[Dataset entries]
# # #

(* With A = sum_i pi_i^2 and B = sum_i pi_i pi_(i+1), the MA(1) covariances give
   var(sum_i pi_i W_i) = A + 2 rho B, and |B| <= A <= C^2 by (MA2).  Hence the variance
   lies between the eps of (MA4) and 2 C^2, which is (P1), and the ratio in (P3) equals
   1 / (1 + 2 x_K) with x_K = rho B / A, whose limit exists by (MA3) and is finite since
   |x_K| <= |rho| < 1/2.
   For (P2), the covariance matrix of the pi_i W_i is tridiagonal with entries O(1/K).
   For S uniform with d ones, P(A subset of S) depends only on |A| and equals (d/K)^|A| + O(|A|^2/K),
   so inclusion events of disjoint pairs are almost uncorrelated.  Expanding the variance
   of the quadratic form over quadruples (i, j, k, l) then gives O(1/K), uniformly in d;
   complementing S gives the second half of (P2). *)
From HB Require Import structures.
From mathcomp Require Import all_boot all_order all_algebra.
From mathcomp Require Import all_classical all_reals all_analysis.
From mathcomp Require Import ring lra zify.
Import Order.TTheory GRing.Theory Num.Theory.
Import numFieldNormedType.Exports.
Local Open Scope ring_scope.
Section SecondMoments.
Context {R : realType} {d : measure_display} {T : measurableType d}
  {P : probability T R}.

Lemma Lfun2_scale (X : T -> R) a :
  X \in Lfun P 2%:E -> (fun t => a * X t) \in Lfun P 2%:E.
Proof.
move=> hX; have -> : (fun t => a * X t) = (a \o* X)%R.
  by apply/funext => t; rewrite /= mulrC.
exact: (Lfun_scale a (ler1n _ 2) hX).
Qed.

Lemma Lfun2_sum (f : nat -> T -> R) n :
  (forall i, (i < n)%N -> f i \in Lfun P 2%:E) ->
  (fun t => \sum_(0 <= i < n) f i t) \in Lfun P 2%:E.
Proof.
elim: n => [|n IH] hf.
  under eq_fun do rewrite big_nil; exact: Lfun_cst.
under eq_fun do rewrite big_nat_recr //=.
apply: rpredD; first by rewrite lee1n.
  by move=> ?; apply: IH => i hi; apply: hf; exact: ltnW.
by move=> ?; exact: hf.
Qed.

Lemma covariance_scale (X Y : T -> R) a b :
  X \in Lfun P 2%:E -> Y \in Lfun P 2%:E ->
  covariance P (fun t => a * X t) (fun t => b * Y t)
  = ((a * b)%:E * covariance P X Y)%E.
Proof.
move=> hX hY.
have Pfin : P setT \is a fin_num := fin_num_measure P _ measurableT.
have aX : (a \o* X)%R \in Lfun P 2%:E := Lfun_scale a (ler1n _ 2) hX.
have -> : (fun t => a * X t) = (a \o* X)%R by apply/funext => t; rewrite /= mulrC.
have -> : (fun t => b * Y t) = (b \o* Y)%R by apply/funext => t; rewrite /= mulrC.
rewrite (covarianceZr b (Lfun_subset12 Pfin aX) (Lfun_subset12 Pfin hY)
           (Lfun2_mul_Lfun1 aX hY)).
rewrite (covarianceZl a (Lfun_subset12 Pfin hX) (Lfun_subset12 Pfin hY)
           (Lfun2_mul_Lfun1 hX hY)).
by rewrite muleA -EFinM mulrC.
Qed.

# # #

Return, unchanged, the run of lines above that opens with the line containing "so inclusion events" and closes with the line containing "elim: n => [|n IH] hf.". Include both.

Task output
   so inclusion events of disjoint pairs are almost uncorrelated.  Expanding the variance
   of the quadratic form over quadruples (i, j, k, l) then gives O(1/K), uniformly in d;
   complementing S gives the second half of (P2). *)
From HB Require Import structures.
From mathcomp Require Import all_boot all_order all_algebra.
From mathcomp Require Import all_classical all_reals all_analysis.
From mathcomp Require Import ring lra zify.
Import Order.TTheory GRing.Theory Num.Theory.
Import numFieldNormedType.Exports.
Local Open Scope ring_scope.
Section SecondMoments.
Context {R : realType} {d : measure_display} {T : measurableType d}
  {P : probability T R}.

Lemma Lfun2_scale (X : T -> R) a :
  X \in Lfun P 2%:E -> (fun t => a * X t) \in Lfun P 2%:E.
Proof.
move=> hX; have -> : (fun t => a * X t) = (a \o* X)%R.
  by apply/funext => t; rewrite /= mulrC.
exact: (Lfun_scale a (ler1n _ 2) hX).
Qed.

Lemma Lfun2_sum (f : nat -> T -> R) n :
  (forall i, (i < n)%N -> f i \in Lfun P 2%:E) ->
  (fun t => \sum_(0 <= i < n) f i t) \in Lfun P 2%:E.
Proof.
elim: n => [|n IH] hf.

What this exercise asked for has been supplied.